Look below for the line containing "Lemma balls_even_small A" and the line containing "Proof. by move=> s_ge0"; repeat exactly those two lines and all lines between them, and nothing else.
►
Lemma seq_lb_gt0 (s : seq T) (F : T -> R) :
  (forall t, t \in s -> 0 < F t) -> exists2 m, 0 < m & forall t, t \in s -> m <= F t.
Proof.
elim: s => [_|t s IH F_gt0]; first by exists 1.
have [t' t's|m m_gt0 mF] := IH; first by rewrite F_gt0 // inE t's orbT.
exists (Num.min (F t) m); first by rewrite lt_min m_gt0 F_gt0 ?mem_head.
by move=> t'; rewrite inE => /predU1P[->|/mF]; rewrite ge_min ?lexx // => ->; rewrite orbT.
Qed.
End FiniteBounds.

Section Ultrametric.
Variables (R : realType) (T : eqType) (e : T -> T -> R).
Hypothesis e_ultra : is_ultrametric e.
Implicit Types p q z : T.

Lemma ultra_sym p q : e p q = e q p. Proof. by case: e_ultra. Qed.
Lemma ultra_refl p : e p p = 0. Proof. by case: e_ultra => _ /(_ p p) [_ ->]. Qed.
Lemma ultra_max p q z : e p z <= Num.max (e p q) (e q z). Proof. by case: e_ultra. Qed.

Lemma ultra_gt0 p q : p != q -> 0 < e p q.
Proof.
case: e_ultra => e_ge0 e_eq0 _ _ pq; rewrite lt_def e_ge0 andbT.
by apply: contra pq => /eqP/e_eq0->.
Qed.

Lemma ultra_lt_trans p q z r : e p q < r -> e q z < r -> e p z < r.
Proof. by move=> pq qz; apply: le_lt_trans (ultra_max p q z) _; rewrite gt_max pq qz. Qed.
End Ultrametric.

Section ParityNorm.
Variables (R : realType) (Y : choiceType) (e : Y -> Y -> R).
Hypothesis e_ultra : is_ultrametric e.
Implicit Types (A B : {fset Y}) (u v : evenfset Y) (p q z : Y) (r s : R).

Lemma fset_diam A : exists2 M, 0 <= M & forall p q, p \in A -> q \in A -> e p q <= M.
Proof.
have [M M_ge0 eM] := seq_ub (A `*` A) (fun pq => e pq.1 pq.2).
by exists M => // p q pA qA; apply: (eM (p, q)); rewrite in_fsetM pA qA.
Qed.

Lemma fset_separation A :
  exists2 m, 0 < m & forall p q, p \in A -> q \in A -> p != q -> m <= e p q.
Proof.
pose F pq := if pq.1 == pq.2 then 1 else e pq.1 pq.2.
have [[p q] _|m m_gt0 mF] := @seq_lb_gt0 _ _ (A `*` A) F.
  by rewrite /F /=; case: eqVneq => [_|/(ultra_gt0 e_ultra)//]; apply: ltr01.
exists m => // p q pA qA pq.
by have := mF (p, q); rewrite in_fsetM pA qA /F /= (negPf pq); apply.
Qed.

Definition balls_even A r := forall c, ~~ odd #|` [fset z in A | e c z < r]|.

Lemma balls_even_fsymdiff A B r :
  balls_even A r -> balls_even B r -> balls_even (fsymdiff A B) r.
Proof.
move=> A_even B_even c.
by rewrite fsymdiff_sep odd_fsymdiff (negPf (A_even c)) (negPf (B_even c)).
Qed.

(* A ball of radius exceeding the diameter of A meets A in nothing or in all of A. *)
Lemma balls_even_small A r :
  ~~ odd #|` A| -> (forall p q, p \in A -> q \in A -> e p q < r) -> balls_even A r.
Proof.
move=> A_even A_small c.
have [->|/fset0Pn[p]] := eqVneq [fset z in A | e c z < r] fset0; first by rewrite cardfs0.
rewrite !inE => /andP[pA cp]; rewrite (_ : [fset z in A | e c z < r] = A) //.
apply/fsetP => z; rewrite !inE; apply: andb_idr => zA.
exact: (ultra_lt_trans e_ultra cp (A_small p z pA zA)).
Qed.

Lemma not_balls_even_isolated A c p r :
  p \in A -> e c p < r -> (forall z, z \in A -> e c z < r -> z = p) -> ~ balls_even A r.
Proof.
move=> pA cp p_only /(_ c); rewrite (_ : [fset z in A | e c z < r] = [fset p]) ?cardfs1 //.
apply/fsetP => z; rewrite !inE; apply/andP/eqP => [[zA cz]|->]; first exact: p_only.
by rewrite pA cp.
Qed.

(* Asking for even balls at every radius above s spares us proving that this
   property is monotone in the radius. *)
Definition parity_radii A : set R :=
  [set s | 0 <= s /\ forall r, s < r -> balls_even A r]%classic.

Definition parity_norm u : R := inf (parity_radii (efset u)).

Lemma parity_radii_neq0 u : (parity_radii (efset u) !=set0)%classic.
Proof.
have [M M_ge0 eM] := fset_diam (efset u).
exists M; split=> // r Mr; apply: balls_even_small; first exact: evenfsetP.
by move=> p q pu qu; apply: le_lt_trans (eM p q pu qu) Mr.
Qed.

Lemma parity_norm_ge0 u : 0 <= parity_norm u.
Proof. by apply: lb_le_inf; [exact: parity_radii_neq0 | move=> s []]. Qed.

Lemma parity_norm_lt u r : parity_norm u < r -> balls_even (efset u) r.
Proof. by case/(inf_lt (parity_radii_neq0 u)) => s [_ s_even] /s_even. Qed.

Lemma parity_norm_le u s :
  0 <= s -> (forall r, s < r -> balls_even (efset u) r) -> parity_norm u <= s.
Proof. by move=> s_ge0 s_even; apply: ge_inf; [exists 0 => ? [] | split]. Qed.

Lemma parity_norm0 : parity_norm 0 = 0.
Proof.
apply/eqP; rewrite eq_le parity_norm_ge0 andbT parity_norm_le // => r _ c.
by rewrite (_ : [fset z in _ | _] = fset0) ?cardfs0 //; apply/fsetP => z; rewrite !inE.
Qed.

Lemma parity_normD u v : parity_norm (u + v) <= Num.max (parity_norm u) (parity_norm v).
Proof.
apply: parity_norm_le => [|r]; first by rewrite le_max parity_norm_ge0.
rewrite gt_max => /andP[/parity_norm_lt u_even /parity_norm_lt v_even].
exact: balls_even_fsymdiff.
Qed.

Lemma parity_norm_eq0 u : parity_norm u = 0 -> u = 0.
Proof.
move=> u0; apply/evenfset_ext => p; rewrite inE; apply/negbTE/negP => pu.
have [m m_gt0 m_sep] := fset_separation (efset u).
have pp : e p p < m by rewrite (ultra_refl e_ultra).
have : balls_even (efset u) m by apply: parity_norm_lt; rewrite u0.
apply: (not_balls_even_isolated pu pp) => q qu pq.
by apply/eqP; apply: contraLR pq; rewrite eq_sym -leNgt; apply: m_sep.
Qed.

Lemma parity_norm_is_ultranorm : is_ultranorm parity_norm.
Proof.
split=> //.
- exact: parity_norm_ge0.
- exact: parity_norm0.
- exact: parity_normD.
- exact: parity_norm_eq0.
Qed.
End ParityNorm.

Section PointAtInfinity.
Variables (R : realType) (X : choiceType) (d : X -> X -> R) (a : X).
Hypothesis d_ultra : is_ultrametric d.
Implicit Types x y : X.

Let d_sym := ultra_sym d_ultra.
Let d_refl := ultra_refl d_ultra.
Let d_max := ultra_max d_ultra.

Definition dist_inf x := Num.max 1 (d x a).

Lemma dist_inf_ge1 x : 1 <= dist_inf x.
Proof. by rewrite le_max lexx. Qed.

Lemma dist_inf_le x y : dist_inf x <= Num.max (d x y) (dist_inf y).
Proof.
rewrite /dist_inf ge_max !le_max lexx !orbT /=.
by have := d_max x y a; rewrite le_max => /orP[->|->]; rewrite ?orbT.
Qed.

Lemma d_le_dist_inf x y : d x y <= Num.max (dist_inf x) (dist_inf y).
Proof.
rewrite /dist_inf; apply: le_trans (d_max x a y) _.
by rewrite ge_max !le_max lexx (d_sym a y) lexx !orbT.
Qed.

Definition dext (p q : option X) : R :=
  match p, q with
  | Some x, Some y => d x y
  | Some x, None | None, Some x => dist_inf x
  | None, None => 0
  end.

Lemma dext_ultra : is_ultrametric dext.
Proof.
have D_gt0 x : 0 < dist_inf x by apply: lt_le_trans ltr01 (dist_inf_ge1 x).
have D_neq0 x : dist_inf x <> 0 by move=> D0; have := D_gt0 x; rewrite D0 ltxx.
case: d_ultra => d_ge0 d_eq0 _ _; split.
- by case=> [x|] [y|] //=; apply: ltW.
- case=> [x|] [y|] /=; split=> //.
  + by move/d_eq0->.
  + by case=> ->; apply/d_eq0.
  + by move/D_neq0.
  + by move/D_neq0.
- by case=> [x|] [y|] //=; apply: d_sym.
- case=> [x|] [y|] [z|] /=.
  + exact: d_max.
  + exact: dist_inf_le.
  + exact: d_le_dist_inf.
  + by rewrite le_max lexx.
  + by have := dist_inf_le z y; rewrite maxC d_sym.
  + by rewrite maxxx ltW.
  + by rewrite le_max lexx orbT.
  + by rewrite maxxx.
Qed.

Lemma even_embed x : ~~ odd #|` [fset Some x; None]|.
Proof. by rewrite cardfs2. Qed.

Definition embed x : evenfset (option X) := EvenFset (even_embed x).

Lemma in_embed x p : (p \in efset (embed x)) = (p == Some x) || (p == None).
Proof. by rewrite !inE. Qed.

Lemma in_embedD x y p :
  (p \in efset (embed x + embed y)) = (p == Some x) (+) (p == Some y).
Proof. by rewrite in_evenfsetD !in_embed; case: p => //= q; rewrite !orbF. Qed.

Lemma embed_isometry x y : parity_norm dext (embed x - embed y) = d x y.
Proof.
have [<-|xy] := eqVneq x y; first by rewrite subrr parity_norm0 ?d_refl //; apply: dext_ultra.
have xy_gt0 : 0 < d x y := ultra_gt0 d_ultra xy.
have supp p : p \in efset (embed x + embed y) -> p = Some x \/ p = Some y.
  by rewrite in_embedD; case: eqP => [->|_]; [left | case: eqP => [->|]; [right|]].
rewrite evenfsetN; apply/eqP; rewrite eq_le; apply/andP; split.
  apply: parity_norm_le => [|r xy_r]; first exact: ltW.
  apply: (balls_even_small dext_ultra); first exact: evenfsetP.
  have r_gt0 : 0 < r := lt_trans xy_gt0 xy_r.
  by move=> p q /supp[]-> /supp[]-> /=; rewrite ?d_refl ?(d_sym y x).
rewrite leNgt; apply/negP => /(parity_norm_lt dext_ultra).
apply: (not_balls_even_isolated (c := Some x) (p := Some x)) => /=.
- by rewrite in_embedD eqxx (inj_eq (@Some_inj _)) (negPf xy).
- by rewrite d_refl.
- by move=> z /supp[]-> //=; rewrite ltxx.
Qed.

Section ClosureOfImage.
Variables (g : evenfset (option X)) (x : X) (m : R).
Hypotheses (m_gt0 : 0 < m) (m_le1 : m <= 1).
Hypothesis g_sep :
  forall p q, p \in efset g -> q \in efset g -> p != q -> m <= dext p q.
Hypothesis x_near_g : balls_even dext (efset (embed x + g)) m.

Let m_le_dist_inf q : m <= dist_inf q := le_trans m_le1 (dist_inf_ge1 q).

Lemma near_embed_has_inf : None \in efset g.
Proof.
apply/negPn/negP => Ng.
apply: (not_balls_even_isolated (c := None) (p := None) _ _ _ x_near_g) => //.
- by rewrite in_evenfsetD in_embed eqxx orbT (negPf Ng).
- by case=> [q|] // _ /=; rewrite ltNge m_le_dist_inf.
Qed.

Lemma near_embed_close p : Some p \in efset g -> d x p < m.
Proof.
move=> gp; rewrite ltNge; apply/negP => far_xp.
have p_x : p != x by apply: contraTneq far_xp => ->; rewrite d_refl -ltNge.
apply: (not_balls_even_isolated (c := Some p) (p := Some p) _ _ _ x_near_g).
- by rewrite in_evenfsetD in_embed gp (inj_eq (@Some_inj _)) (negPf p_x).
- by rewrite /= d_refl.
case=> [q|]; last by rewrite /= ltNge m_le_dist_inf.
have [->//|qp] := eqVneq q p.
rewrite in_evenfsetD in_embed /=; case gq: (Some q \in efset g).
  move=> _ pq; have := g_sep gp gq; rewrite (inj_eq (@Some_inj _)) eq_sym qp.
  by move=> /(_ isT); rewrite /= leNgt pq.
by rewrite addbF orbF (inj_eq (@Some_inj _)) => /eqP->; rewrite d_sym ltNge far_xp.
Qed.

Lemma near_embed_in_image : exists p, embed p = g.
Proof.
have [[p gp]|no_finite] := pselect (exists p, Some p \in efset g); last first.
  suff g1 : efset g = [fset None] by have := evenfsetP g; rewrite g1 cardfs1.
  apply/fsetP => -[q|]; rewrite inE /= ?near_embed_has_inf //.
  by apply/negP => gq; apply: no_finite; exists q.
exists p; apply: evenfset_ext => -[q|]; rewrite in_embed /= ?near_embed_has_inf ?orbT //.
have [->|qp] := eqVneq q p; first by rewrite eqxx gp.
rewrite orbF (inj_eq (@Some_inj _)) (negPf qp); apply/esym/negP => gq.
have near_pq : d p q < m.
  by apply: (ultra_lt_trans d_ultra (q := x)); rewrite ?(d_sym p) near_embed_close.
have := g_sep gp gq; rewrite (inj_eq (@Some_inj _)) eq_sym qp => /(_ isT) /=.
by rewrite leNgt near_pq.
Qed.
End ClosureOfImage.

Lemma embed_closed : norm_closed (parity_norm dext) (fun g => exists x, embed x = g).
Proof.
move=> g g_lim; have [m m_gt0 g_sep] := fset_separation dext_ultra (efset g).
have m1_gt0 : 0 < Num.min 1 m by rewrite lt_min ltr01.
have [_ [x <-] near_xg] := g_lim _ m1_gt0.
apply: (@near_embed_in_image g x (Num.min 1 m)) => //; first by rewrite ge_min lexx.
  by move=> p q gp gq pq; rewrite ge_min (g_sep _ _ gp gq pq) orbT.
by have := parity_norm_lt dext_ultra near_xg; rewrite evenfsetN.
Qed.
End PointAtInfinity.

Theorem corollary8p4 (R : realType) (X : Type) (d : X -> X -> R) :
  is_ultrametric d ->
  exists (G : zmodType) (N : G -> R) (f : X -> G),
    [/\ is_boolean_group G,
        is_ultranorm N,
        (forall x y, N (f x - f y) = d x y) &
        norm_closed N (fun g => exists x, f x = g)].
Proof.
move=> d_ultra; have [[a]|X0] := pselect (inhabited X).
  exists (evenfset (option {classic X})), (parity_norm (dext (X := {classic X}) d a)).
  exists (@embed {classic X}); split.
  - exact: evenfset_boolean.
  - exact/parity_norm_is_ultranorm/dext_ultra.
  - exact: (embed_isometry (X := {classic X}) a d_ultra).
  - exact: (embed_closed (X := {classic X}) (a := a) d_ultra).
have noX (x : X) : False by apply: X0.
exists (evenfset {classic X}), (fun _ => 0), (fun x => match noX x with end); split.
- exact: evenfset_boolean.
- split=> // [u v|u _]; first by rewrite maxxx.
  by apply: evenfset_ext => x; case: (noX x).
- by move=> x; case: (noX x).
- by move=> g /(_ 1 ltr01) [_ [x _] _]; case: (noX x).
Qed.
◄
### Task result
Lemma balls_even_small A r :
  ~~ odd #|` A| -> (forall p q, p \in A -> q \in A -> e p q < r) -> balls_even A r.
Proof.
move=> A_even A_small c.
have [->|/fset0Pn[p]] := eqVneq [fset z in A | e c z < r] fset0; first by rewrite cardfs0.
rewrite !inE => /andP[pA cp]; rewrite (_ : [fset z in A | e c z < r] = A) //.
apply/fsetP => z; rewrite !inE; apply: andb_idr => zA.
exact: (ultra_lt_trans e_ultra cp (A_small p z pA zA)).
Qed.

Lemma not_balls_even_isolated A c p r :
  p \in A -> e c p < r -> (forall z, z \in A -> e c z < r -> z = p) -> ~ balls_even A r.
Proof.
move=> pA cp p_only /(_ c); rewrite (_ : [fset z in A | e c z < r] = [fset p]) ?cardfs1 //.
apply/fsetP => z; rewrite !inE; apply/andP/eqP => [[zA cz]|->]; first exact: p_only.
by rewrite pA cp.
Qed.

(* Asking for even balls at every radius above s spares us proving that this
   property is monotone in the radius. *)
Definition parity_radii A : set R :=
  [set s | 0 <= s /\ forall r, s < r -> balls_even A r]%classic.

Definition parity_norm u : R := inf (parity_radii (efset u)).

Lemma parity_radii_neq0 u : (parity_radii (efset u) !=set0)%classic.
Proof.
have [M M_ge0 eM] := fset_diam (efset u).
exists M; split=> // r Mr; apply: balls_even_small; first exact: evenfsetP.
by move=> p q pu qu; apply: le_lt_trans (eM p q pu qu) Mr.
Qed.

Lemma parity_norm_ge0 u : 0 <= parity_norm u.
Proof. by apply: lb_le_inf; [exact: parity_radii_neq0 | move=> s []]. Qed.

Lemma parity_norm_lt u r : parity_norm u < r -> balls_even (efset u) r.
Proof. by case/(inf_lt (parity_radii_neq0 u)) => s [_ s_even] /s_even. Qed.

Lemma parity_norm_le u s :
  0 <= s -> (forall r, s < r -> balls_even (efset u) r) -> parity_norm u <= s.
Proof. by move=> s_ge0 s_even; apply: ge_inf; [exists 0 => ? [] | split]. Qed.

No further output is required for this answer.